++++ DATA TO PROCESS ++++

Lemma eigen_mod_unique a1 a2 z1 z2 :
  z1 \notin P -> z1 \in (<[z2]> + P)%VS ->
  shift g a1 z1 \in Q -> shift g a2 z2 \in Q -> a1 = a2.
Proof.
move=> z1P /memv_addP [p /vlineP [c ->] [q qP ez1]] e1 e2.
have e2' : shift g a2 z1 \in P.
  rewrite ez1 linearP /= memvD ?memvZ ?(subvP QP _ e2) // shiftE memvB ?memvZ //.
  exact: (subvP gP) _ (memv_img g qP).
move: (memvB e2' (subvP QP _ e1)); rewrite shift_sub rpredZeq (negbTE z1P) orbF.
by rewrite subr_eq0 => /eqP.
Qed.

Hypothesis eigen_outside : forall z, z \notin P -> exists a, shift g a z \in Q.

(* all eigenvectors modulo Q outside P share their eigenvalue; when z1 is not
   in F z2 + P, compare both with z1 + z2 *)
Lemma eigen_mod_same a1 a2 z1 z2 :
  z1 \notin P -> z2 \notin P -> shift g a1 z1 \in Q -> shift g a2 z2 \in Q -> a1 = a2.
Proof.
move=> z1P z2P e1 e2.
have [z12|z12] := boolP (z1 \in <[z2]> + P)%VS; first exact: eigen_mod_unique e1 e2.
have wP : z1 + z2 \notin P.
  apply: contra z12 => h; rewrite -(addrK z2 z1) addrC.
  by rewrite memv_add ?memvN ?memv_line.
have [a3 e3] := eigen_outside wP.
have combo : (a1 - a3) *: z1 + (a2 - a3) *: z2 \in Q.
  by rewrite -!(shift_sub g) addrACA -opprD -linearD memvB ?memvD.
have e13 : a1 = a3.
  apply/eqP; rewrite -subr_eq0; apply: contraR z12 => ne.
  rewrite -(scalerK ne z1) memvZ // -(addrK ((a2 - a3) *: z2) ((a1 - a3) *: z1)) addrC.
  by rewrite memv_add ?memvN ?memvZ ?memv_line ?(subvP QP).
move: combo; rewrite e13 subrr scale0r add0r => /(subvP QP).
by rewrite rpredZeq (negbTE z2P) orbF subr_eq0 => /eqP.
Qed.

Lemma scalar_mod z0 : z0 \notin P -> exists l, forall z, shift g l z \in Q.
Proof.
move=> z0P; have [l e0] := eigen_outside z0P; exists l.
have outside z : z \notin P -> shift g l z \in Q.
  by move=> zP; have [a e] := eigen_outside zP; rewrite -(eigen_mod_same zP z0P e e0).
move=> z; have [zP|/outside //] := boolP (z \in P).
have zz0 : z + z0 \notin P by apply: contra z0P => h; rewrite -(addKr z z0) memvD ?memvN.
by rewrite -(addrK z0 z) linearB memvB ?outside.
Qed.

End ScalarModulo.
End LinearAlgebra.

Section KAlgebra.
Variable F : fieldType.
Implicit Types x y z : 'rV[F]_3.

Lemma Kbr_linear_l z : linear (fun x => Kbr x z).
Proof. by move=> a x y; apply/rowP => j; rewrite /Kbr !mxE; ring. Qed.

Lemma Kbr_linear_r z : linear (Kbr z).
Proof. by move=> a x y; apply/rowP => j; rewrite /Kbr !mxE; ring. Qed.

Lemma Kbr_anti x y : Kbr x y = - Kbr y x.
Proof. by apply/rowP => j; rewrite /Kbr !mxE; ring. Qed.

Lemma Kbr_xx x : Kbr x x = 0.
Proof. by apply/rowP => j; rewrite /Kbr !mxE; ring. Qed.

Lemma KbrAB : Kbr (Ka F) (Kb F) = Kc F.
Proof. by apply/rowP => j; rewrite /Kbr !mxE /=; ring. Qed.
Lemma KbrBC : Kbr (Kb F) (Kc F) = Kb F.
Proof. by apply/rowP => j; rewrite /Kbr !mxE /=; ring. Qed.
Lemma KbrAC : Kbr (Ka F) (Kc F) = Ka F.
Proof. by apply/rowP => j; rewrite /Kbr !mxE /=; ring. Qed.

End KAlgebra.

Section Lie.
Variables (F : fieldType) (V : vectType F) (br : V -> V -> V).
Hypothesis hL : is_lie br.
Implicit Types (x y z u n m : V) (a b : F) (S T M : {vspace V}).

Definition ad x : V -> V := br x.
Definition adr y : V -> V := br^~ y.

Fact ad_is_linear x : linear (ad x). Proof. by move=> a y z; case: hL. Qed.
Fact adr_is_linear y : linear (adr y).
Proof. by move=> a x z; rewrite /adr; case: hL. Qed.
HB.instance Definition _ x := GRing.isSemilinear.Build F V V _ (ad x)
  (GRing.semilinear_linear (ad_is_linear x)).
HB.instance Definition _ y := GRing.isSemilinear.Build F V V _ (adr y)
  (GRing.semilinear_linear (adr_is_linear y)).

Lemma br0l y : br 0 y = 0. Proof. exact: (linear0 (adr y)). Qed.
Lemma brDl x1 x2 y : br (x1 + x2) y = br x1 y + br x2 y.
Proof. exact: (linearD (adr y)). Qed.
Lemma brBl x1 x2 y : br (x1 - x2) y = br x1 y - br x2 y.
Proof. exact: (linearB (adr y)). Qed.
Lemma brZl a x y : br (a *: x) y = a *: br x y. Proof. exact: (linearZ_LR (adr y)). Qed.
Lemma brDr x y1 y2 : br x (y1 + y2) = br x y1 + br x y2.
Proof. exact: (linearD (ad x)). Qed.
Lemma brNr x y : br x (- y) = - br x y. Proof. exact: (linearN (ad x)). Qed.
Lemma brBr x y1 y2 : br x (y1 - y2) = br x y1 - br x y2.
Proof. exact: (linearB (ad x)). Qed.
Lemma brZr a x y : br x (a *: y) = a *: br x y. Proof. exact: (linearZ_LR (ad x)). Qed.

Lemma brxx x : br x x = 0. Proof. by case: hL. Qed.
Lemma jacobi x y z : br x (br y z) + br y (br z x) + br z (br x y) = 0.
Proof. by case: hL. Qed.

(* anticommutativity, from the alternating law applied to x + y *)
Lemma brC x y : br x y = - br y x.
Proof.
apply/eqP; rewrite -addr_eq0; have := brxx (x + y).
by rewrite brDl !brDr !brxx add0r addr0 => ->.
Qed.

(* Jacobi: the bracket of two ad u-eigenvectors is an eigenvector for the
   sum of the eigenvalues *)
Lemma br_weight u n m a b :
  br u n = a *: n -> br u m = b *: m -> br u (br n m) = (a + b) *: br n m.
Proof.
move=> un um; have := jacobi u n m.
rewrite (brC m u) um brNr brZr un brZr (brC m n).
rewrite scalerN -addrA -opprD => /eqP; rewrite subr_eq0 => /eqP ->.
by rewrite scalerDl addrC.
Qed.

Lemma mem_brk S T x y : x \in S -> y \in T -> br x y \in brk br S T.
Proof.
move=> xS yT; suff Tpre : (T <= linfun (ad x) @^-1: brk br S T)%VS.
  by move: (subvP Tpre _ yT); rewrite -memv_preim lfunE.
rewrite -{1}(span_basis (vbasisP T)); apply/span_subvP => y0 y0T.
suff Spre : (S <= linfun (adr y0) @^-1: brk br S T)%VS.
  by move: (subvP Spre _ xS); rewrite -!memv_preim !lfunE.
rewrite -{1}(span_basis (vbasisP S)); apply/span_subvP => x0 x0S.
by rewrite -memv_preim lfunE memv_span //; apply/allpairsP; exists (x0, y0).
Qed.

Lemma brk_sub S T M :
  (forall x y, x \in S -> y \in T -> br x y \in M) -> (brk br S T <= M)%VS.
Proof.
move=> STM; apply/span_subvP => w /allpairsP [[x y] [/= xS yT ->]].
by apply: STM; apply: vbasis_mem.
Qed.

Definition adL x : 'End(V) := linfun (ad x).

Lemma shift_adE u a z : shift (adL u) a z = br u z - a *: z.
Proof. by rewrite shiftE lfunE. Qed.

Definition eigen_mod u a z := br u z - a *: z \in <[u]>%VS.

Lemma eigen_modZ u a z k :
  k != 0 -> eigen_mod u a z -> eigen_mod (k *: u) (k * a) z.
Proof.
move=> k0; rewrite /eigen_mod brZl -scalerA -scalerBr => /vlineP [c ->].
by rewrite scalerA -[_ * c]mulrC -scalerA memvZ ?memv_line.
Qed.

Lemma subalg_cap S T : subalg br S -> subalg br T -> subalg br (S :&: T).
Proof.
move=> sS sT x y /memv_capP [xS xT] /memv_capP [yS yT].
by rewrite memv_cap sS ?sT.
Qed.

Lemma eigen_mod_mem S u a z : subalg br S -> u \in S -> z \in S ->
  br u z - a *: z \in S.
Proof. by move=> sS uS zS; rewrite memvB ?memvZ ?sS. Qed.

(* gen u z is a subalgebra, the iteration defining it having stabilised *)
Lemma gen_fix u z : gen_step br (gen br u z) = gen br u z.
Proof. exact: iter_extensive_fix (fun S => addvSl S _) _. Qed.

Lemma gen_subalg u z : subalg br (gen br u z).
Proof.
move=> x y xG yG; apply: subvP (mem_brk xG yG).
by apply/addv_idPl; exact: gen_fix.
Qed.

Lemma gen_base u z : (<[u]> + <[z]> <= gen br u z)%VS.
Proof. exact: subv_iter (fun S => addvSl S _) _ _. Qed.

Lemma gen_u u z : u \in gen br u z.
Proof. exact: subvP (gen_base u z) _ (subvP (addvSl _ _) _ (memv_line u)). Qed.

Lemma gen_z u z : z \in gen br u z.
Proof. exact: subvP (gen_base u z) _ (subvP (addvSr _ _) _ (memv_line z)). Qed.

Lemma br_span2 x y p q : p \in (<[x]> + <[y]>)%VS -> q \in (<[x]> + <[y]>)%VS ->
  br p q \in <[br x y]>%VS.
Proof.
move=> /memv_addP [a1 /vlineP [k1 ->] [a2 /vlineP [k2 ->] ->]].
move=> /memv_addP [b1 /vlineP [l1 ->] [b2 /vlineP [l2 ->] ->]].
rewrite !(brDl, brDr, brZl, brZr) !brxx !scaler0 add0r addr0 (brC y x) !scalerN.
by rewrite memvD ?memvN ?memvZ ?memv_line.
Qed.

Lemma span2_subalg x y : br x y \in (<[x]> + <[y]>)%VS -> subalg br (<[x]> + <[y]>).
Proof. by rewrite memvE => sub p q pS qS; apply: subvP sub _ (br_span2 pS qS). Qed.

Lemma brk_abelian S :
  (forall p q, p \in S -> q \in S -> br p q = 0) -> brk br S S = 0%VS.
Proof.
move=> abS; apply/eqP; rewrite -subv0.
by apply: brk_sub => p q pS qS; rewrite abS ?mem0v.
Qed.

(* an algebra of dimension at most 2 has a one-dimensional derived algebra *)

Lemma dim2_solvable S : (\dim S <= 2)%N -> solvable br S.
Proof.
move=> dimS; set x := (vbasis S)`_0; set y := (vbasis S)`_1.
have Sxy : (S <= <[x]> + <[y]>)%VS.
  rewrite -{1}(span_basis (vbasisP S)); apply/span_subvP => v /(nthP 0) [i].
  rewrite size_tuple => ltiS <-; case: i ltiS => [|[|i]] ltiS.
  - exact: subvP (addvSl _ _) _ (memv_line _).
  - exact: subvP (addvSr _ _) _ (memv_line _).
  - by have := leq_trans ltiS dimS.
have SSline : (brk br S S <= <[br x y]>)%VS.
  by apply: brk_sub => a b aS bS; apply: br_span2; apply: (subvP Sxy).
exists 2%N; apply: brk_abelian => p q /(subvP SSline) /vlineP [k ->].
by move=> /(subvP SSline) /vlineP [l ->]; rewrite brZl brZr brxx !scaler0.
Qed.

Lemma mu_dim3 M : mu_alg br M -> (3 <= \dim M)%N.
Proof.
by move=> [nsolv _]; rewrite ltnNge; apply: contra_notN nsolv; apply: dim2_solvable.
Qed.

Lemma mu_sub_eq M T :
  mu_alg br M -> subalg br T -> (T <= M)%VS -> (2 <= \dim T)%N -> T = M.
Proof.
move=> [_ small] sT TM dimT; apply/eqP/negPn/negP => neTM.
have T0 : T != 0%VS by apply/eqP => T0; move: dimT; rewrite T0 dimv0.
by move: dimT; rewrite (small T sT TM neTM T0).
Qed.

++++

**TASK INSTRUCTIONS:** Repeat the entries above exactly, beginning at their first line and ending with the line that contains "move: combo; rewrite", with nothing added.

**RESPONSE TO THE EXERCISE:**
Lemma eigen_mod_unique a1 a2 z1 z2 :
  z1 \notin P -> z1 \in (<[z2]> + P)%VS ->
  shift g a1 z1 \in Q -> shift g a2 z2 \in Q -> a1 = a2.
Proof.
move=> z1P /memv_addP [p /vlineP [c ->] [q qP ez1]] e1 e2.
have e2' : shift g a2 z1 \in P.
  rewrite ez1 linearP /= memvD ?memvZ ?(subvP QP _ e2) // shiftE memvB ?memvZ //.
  exact: (subvP gP) _ (memv_img g qP).
move: (memvB e2' (subvP QP _ e1)); rewrite shift_sub rpredZeq (negbTE z1P) orbF.
by rewrite subr_eq0 => /eqP.
Qed.

Hypothesis eigen_outside : forall z, z \notin P -> exists a, shift g a z \in Q.

(* all eigenvectors modulo Q outside P share their eigenvalue; when z1 is not
   in F z2 + P, compare both with z1 + z2 *)
Lemma eigen_mod_same a1 a2 z1 z2 :
  z1 \notin P -> z2 \notin P -> shift g a1 z1 \in Q -> shift g a2 z2 \in Q -> a1 = a2.
Proof.
move=> z1P z2P e1 e2.
have [z12|z12] := boolP (z1 \in <[z2]> + P)%VS; first exact: eigen_mod_unique e1 e2.
have wP : z1 + z2 \notin P.
  apply: contra z12 => h; rewrite -(addrK z2 z1) addrC.
  by rewrite memv_add ?memvN ?memv_line.
have [a3 e3] := eigen_outside wP.
have combo : (a1 - a3) *: z1 + (a2 - a3) *: z2 \in Q.
  by rewrite -!(shift_sub g) addrACA -opprD -linearD memvB ?memvD.
have e13 : a1 = a3.
  apply/eqP; rewrite -subr_eq0; apply: contraR z12 => ne.
  rewrite -(scalerK ne z1) memvZ // -(addrK ((a2 - a3) *: z2) ((a1 - a3) *: z1)) addrC.
  by rewrite memv_add ?memvN ?memvZ ?memv_line ?(subvP QP).
move: combo; rewrite e13 subrr scale0r add0r => /(subvP QP).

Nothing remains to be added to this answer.